BTW, if you have a spare parts kit, I believe Apple just sends you a replacement part through that as well (i.e. use the spare drive, stay up and running, call it in to Apple, exchange for a new drive), so that would be the ideal way to stay 24x7. On the other hand, I don't know how server support starts if you are not using the apple supplied parts. Obviously, Enterprise support is much different than consumer, but usually the first step in the troubleshooting methodology is to put the affected unit back to a known config, i.e. all apple shipped parts.

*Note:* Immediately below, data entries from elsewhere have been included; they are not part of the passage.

(* The finite set [Sz] is rotated and enlarged to the box spanned by its coordinates,
   on which Finner's inequality applies. *)
Lemma sum_integrand_le M A Sz : 0 <= M -> mixed_bound n k g1 M ->
  (forall i, (2 <= i <= k)%nat -> 0 <= A i /\ l2_bound n (g i) (A i)) ->
  NoDup Sz -> Forall (fun z => length z = S n) Sz ->
  sumR (fun z => rpow (g1 z * prodR 2 k (fun i => g i (hat i z))) (2 / INR (k - 1))) Sz
  <= rpow (M * prodR 2 k A) (2 / INR (k - 1)).
Proof.
  intros HM HMb HA Hnd HSz. rewrite Forall_forall in HSz.
  set (th := / INR (k - 1)). assert (Hth : 0 < th) by (apply Rinv_0_lt_compat, lt_0_INR; lia).
  set (Phi z := rpow (g1 z * prodR 2 k (fun i => g i (hat i z))) (2 * th)).
  change (lsum Phi Sz <= rpow (M * prodR 2 k A) (2 * th)).
  set (U := map (rot (k - 1)) Sz). set (Vs := coord_box (S n) U).
  assert (Hrot : forall z, In z Sz -> rot r (rot (k - 1) z) = z)
    by (intros z Hz; apply rot_rot; rewrite HSz; auto; lia).
  rewrite (eq_lsum_in _ (fun z => Phi (rot r (rot (k - 1) z)))) by (intros; rewrite Hrot; auto).
  rewrite <- (lsum_map (rot (k - 1)) (fun u => Phi (rot r u))). fold U.
  eapply Rle_trans; [apply (lsum_le_lsum_coord_box (S n))|]; fold Vs.
  { apply NoDup_map_NoDup_ForallPairs; auto. intros z z' Hz Hz' Heq.
    rewrite <- (Hrot z), <- (Hrot z'), Heq; auto. }
  { intros u Hu. apply in_map_iff in Hu as [z [<- Hz]]. rewrite length_rot. auto. }
  { intros; apply rpow_ge0. }
  rewrite (eq_lsum_in _ (fun u => lprod (fun j => rpow (factor j u) th) (seq 1 k)))
    by (intros u Hu; apply integrand_rot_factor; rewrite (length_in_box _ _ Hu);
        apply length_coord_box).
  eapply Rle_trans.
  - apply (lsum_box_lprod_le_mixed_norms Vs (seq 1 k) factor factor_summed (fun _ => th)).
    + apply factor_ge0.
    + auto.
    + intros c _. apply factor_summed_cover.
  - apply lprod_mixed_norm_factor_le; auto; [apply length_coord_box|apply coord_box_NoDup].
Qed.

End RotatedFactors.

Theorem lemma6p3 (n k : nat) (g1 : list Z -> R) (g : nat -> list Z -> R)
  (M : R) (A : nat -> R) :
  (2 <= k)%nat -> (k <= n)%nat ->
  (forall z, length z = S n -> 0 <= g1 z) ->
  (forall i z, (2 <= i <= k)%nat -> length z = n -> 0 <= g i z) ->
  0 <= M -> mixed_bound n k g1 M ->
  (forall i, (2 <= i <= k)%nat -> 0 <= A i /\ l2_bound n (g i) (A i)) ->
  forall Sz : list (list Z), NoDup Sz -> Forall (fun z => length z = S n) Sz ->
    rpow (sumR (fun z => rpow (g1 z * prodR 2 k (fun i => g i (hat i z)))
                              (2 / INR (k - 1)))
               Sz)
         (INR (k - 1) / 2)
    <= M * prodR 2 k A.
Proof.
  intros Hk Hkn Hg1 Hg HM HMb HA Sz HSz HSl.
  assert (Hm : 0 < INR (k - 1)) by (apply lt_0_INR; lia).
  apply rpow_le_of_le_rpow; [lra| |].
  - apply Rmult_le_pos; auto. apply lprod_ge0. intros i Hi. apply in_seq in Hi. apply HA. lia.
  - replace (/ (INR (k - 1) / 2)) with (2 / INR (k - 1)) by (field; lra).
    apply (sum_integrand_le n); auto.
Qed.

We don't reccomend our customer purchase spare parts kits. We keep on on hand at all time for our customers with Xserves and also make sure that the Apple Retail stores we work with keep one on hand for our customers to whom they sell Xserves. This way, we make sure than all of our customers never have a spare parts kit more than an hour away and that they don't have to spend the extra cash to have a kit they will likely never use on hand.
We also do the same for our education customers and encourage the System Administrators we train to do the same.
 
sourcehound said:
We also do the same for our education customers and encourage the System Administrators we train to do the same.

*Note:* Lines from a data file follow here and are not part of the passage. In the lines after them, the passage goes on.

Lemma outcome_modprod_non_gamma x y h h' :
  connected_graph e1 -> ~ complete_graph e1 ->
  (forall g g', ~ gamma_pair e1 g g') -> (forall u, ~ universal e1 u) ->
  gamma_pair e2 h h' -> x != y ->
  (forall z, ~ gamma_pair e2 x z) -> (forall z, ~ gamma_pair e2 y z) -> outcome_SR_B P.
Proof.
move=> conn1 ncompl1 noG1 noU1 hh' xy xfree yfree.
have noU2 := gamma_pair_no_universal sym2 hh'.
have close c d : (forall z, ~ gamma_pair e2 d z) ->
    forall w, cnbhd P (c, d) :&: cnbhd P w != set0.
  move=> dfree [w1 w2]; apply: modprod_cnbhd_meet (noU1 w1) _ (noU2 w2) => //; apply/eqP.
    by move/(gamma_pair_of_cnbhdC noU1); apply: noG1.
  by move/(gamma_pair_of_cnbhdC noU2); apply: dfree.
have ecc a b c d : (forall z, ~ gamma_pair e2 b z) -> (forall z, ~ gamma_pair e2 d z) ->
    (c \in cnbhd e1 a) != (d \in cnbhd e2 b) -> eccentric (a, b) (c, d).
  move=> bfree dfree nadj; apply: mutually_eccentric_of_nonadjacent; rewrite ?mem_cnbhd_modprod //.
  - exact: close.
  - exact: close.
have [x_y|/negbTE x_y] := boolP (y \in cnbhd e2 x); have y_x := x_y; rewrite (mem_cnbhdC sym2) in y_x.
- have [g [g' /negbTE g_g']] := exists_non_edge ncompl1.
  have g'_g := g_g'; rewrite (mem_cnbhdC sym1) in g'_g.
  apply: (outcome_SR_B_of_eccentric_cycle (a := (g, x)) (b := (g', x)) (c := (g, y)) (d := (g', y)));
    rewrite ?xpair_eqE ?(negbTE xy) ?andbF //; apply: ecc;
    by rewrite // ?g_g' ?g'_g ?x_y ?y_x ?cnbhd_refl.
- have [g [g' gg']] := exists_edge conn1 card1.
  have g_g' : g' \in cnbhd e1 g by rewrite !inE gg' orbT.
  have g'_g := g_g'; rewrite (mem_cnbhdC sym1) in g'_g.
  have ng : g != g' by apply: contraTneq gg' => ->; case: simple1 => _ ->.
  apply: (outcome_SR_B_of_eccentric_cycle (a := (g, x)) (b := (g, y)) (c := (g', x)) (d := (g', y)));
    rewrite ?xpair_eqE ?(negbTE ng) //; apply: ecc;
    by rewrite // ?g_g' ?g'_g ?x_y ?y_x ?cnbhd_refl.
Qed.

Lemma outcome_modprod_gamma_fork h1 h2 h :
  h1 != h2 -> gamma_pair e2 h1 h -> gamma_pair e2 h2 h -> outcome_SR_B P.
Proof.
move=> h12 /gamma_pair_cnbhdC hh1 /gamma_pair_cnbhdC hh2.
apply: outcome_SR_B_of_forks => [|[v1 v2]]; first by apply: leq_trans card_modprod_gt3.
have [g0 v1g0] : exists g0, (v1 == g0) = false.
  case/card_gt1P: card1 => g [g' [_ _ gg']].
  by case: (eqVneq v1 g) => [->|]; [exists g'; apply/negbTE | exists g; apply/negbTE].
exists (g0, h), (g0, h1), (g0, h2); split; last by rewrite !inE !xpair_eqE v1g0.
- by apply/mutually_eccentricC/modprod_eccentric_of_disjoint/modprod_cnbhd_disjoint_complr.
- by apply/mutually_eccentricC/modprod_eccentric_of_disjoint/modprod_cnbhd_disjoint_complr.
- by rewrite xpair_eqE (negbTE h12) andbF.
Qed.

End ModularProductGame.

Unset Implicit Arguments.

Theorem mainTheorem18 (T1 T2 : finType) (e1 : rel T1) (e2 : rel T2) :
  simple_graph e1 -> simple_graph e2 ->
  connected_graph e1 -> connected_graph e2 ->
  1 < #|T1| -> 1 < #|T2| ->
  ~ complete_graph e1 -> ~ complete_graph e2 ->
  diam (modprod e1 e2) = 3 ->
  (* (a) *)
  ((exists g g' : T1, gamma_pair e1 g g') ->
   (exists h h' : T2, gamma_pair e2 h h') ->
   outcome_SR_B (modprod e1 e2)) /\
  (* (b) *)
  ((exists u1 u2 : T1, [/\ u1 != u2, universal e1 u1 & universal e1 u2]) ->
   3 <= diam e2 ->
   outcome_SR_B (modprod e1 e2)) /\
  (* (c) *)
  ((forall g g' : T1, ~ gamma_pair e1 g g') ->
   (forall u : T1, ~ universal e1 u) ->
   (exists g1 g2 : T1, adjacent_twins e1 g1 g2) ->
   (exists h h' : T2, gamma_pair e2 h h') ->
   outcome_SR_B (modprod e1 e2)) /\
  (* (d) *)
  ((forall g g' : T1, ~ gamma_pair e1 g g') ->
   (forall u : T1, ~ universal e1 u) ->
   (exists h h' : T2, gamma_pair e2 h h') ->
   (exists x y : T2, [/\ x != y,
      forall z, ~ gamma_pair e2 x z /\ ~ gamma_pair e2 z x &
      forall z, ~ gamma_pair e2 y z /\ ~ gamma_pair e2 z y]) ->
   outcome_SR_B (modprod e1 e2)) /\
  (* (e) *)
  ((forall g g' : T1, ~ gamma_pair e1 g g') ->
   (forall u : T1, ~ universal e1 u) ->
   (exists h1 h2 h : T2, [/\ adjacent_twins e2 h1 h2, h != h1, h != h2,
      gamma_pair e2 h1 h & gamma_pair e2 h2 h]) ->
   outcome_SR_B (modprod e1 e2)).
Proof.
move=> simple1 simple2 conn1 _ card1 card2 ncompl1 _ diam3.
have diamP : diam (modprod e1 e2) <= 3 by rewrite diam3.
split; [|split; [|split; [|split]]].
- move=> [g [g' gg']] [h [h' hh']].
  exact: (outcome_modprod_gamma_pairs simple1 simple2 card1 card2 diamP gg' hh').
- move=> [u1 [u2 [u12 U1 U2]]].
  exact: (outcome_modprod_universal_pair simple1 simple2 card1 card2 diamP u12 U1 U2).
- move=> _ _ [g1 [g2 twins]] [h [h' hh']].
  exact: (outcome_modprod_twins_gamma_pair simple1 simple2 card1 card2 diamP twins hh').
- move=> noG1 noU1 [h [h' hh']] [x [y [xy xfree yfree]]].
  apply: (outcome_modprod_non_gamma simple1 simple2 card1 conn1 ncompl1 noG1 noU1 hh' xy) => z.
  + by case: (xfree z).
  + by case: (yfree z).
- move=> _ _ [h1 [h2 [h [[h12 _] _ _ hh1 hh2]]]].
  exact: (outcome_modprod_gamma_fork simple1 simple2 card1 card2 diamP h12 hh1 hh2).
Qed.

I am from europe and apple does not seem to care to much about its customers overthere.

Also the problem was diagnosed myself correctly (bad drive), but had to go through to an authorised repair center, which required a week to confirm my diangose. After that according to them, it required some weeks to have apple send them a replacement.

I find a spare kit to expansive, and the macmini i used as a replacement (which also was bad out of the box) worked fine.

Happily the bad drive was not so bad it could not retrieve all stuff from it.


Still i will buy apple stuff despite my bad expirences with the systems they sold me (i certainly will not rely on ms for my business essentials (although we sell a lot of parts and ms-pc's for a living).


Kees
 
edadams said:
I have about 35 spare 80Gb sleds lying around from the XServe's we have installed over the past year and a half.

Ed

Do you sell those ? I would like to have a few if SATA.


Kees
 
Kees Buijs said:
Do you sell those ? I would like to have a few if SATA.


Kees

No we dont sell them

I only have about 3 drive sleds that do not have drives in them

The rest are used for R&D, disk images, training, etc

I know the sleds are in demand (US$130 on eBay), the sleds I have are all from G5 Xserve's

I have replaced the 3rd party 500GB drives in question and I am much happier, Apple have finally released the G5 xserve 500Gb drives.

Ed
 
Hello

I thought it was a wast to simply throw out such a good Apple SATA Drive. I wanted to put it into my PC at home. Coulden't get it to work. It just sat there and didn't really spin up much or anything. Is there something that needs to be done to allow these drives to run in PC's. Has anyone ever tried running one in a PC?? Can they be used in a PC??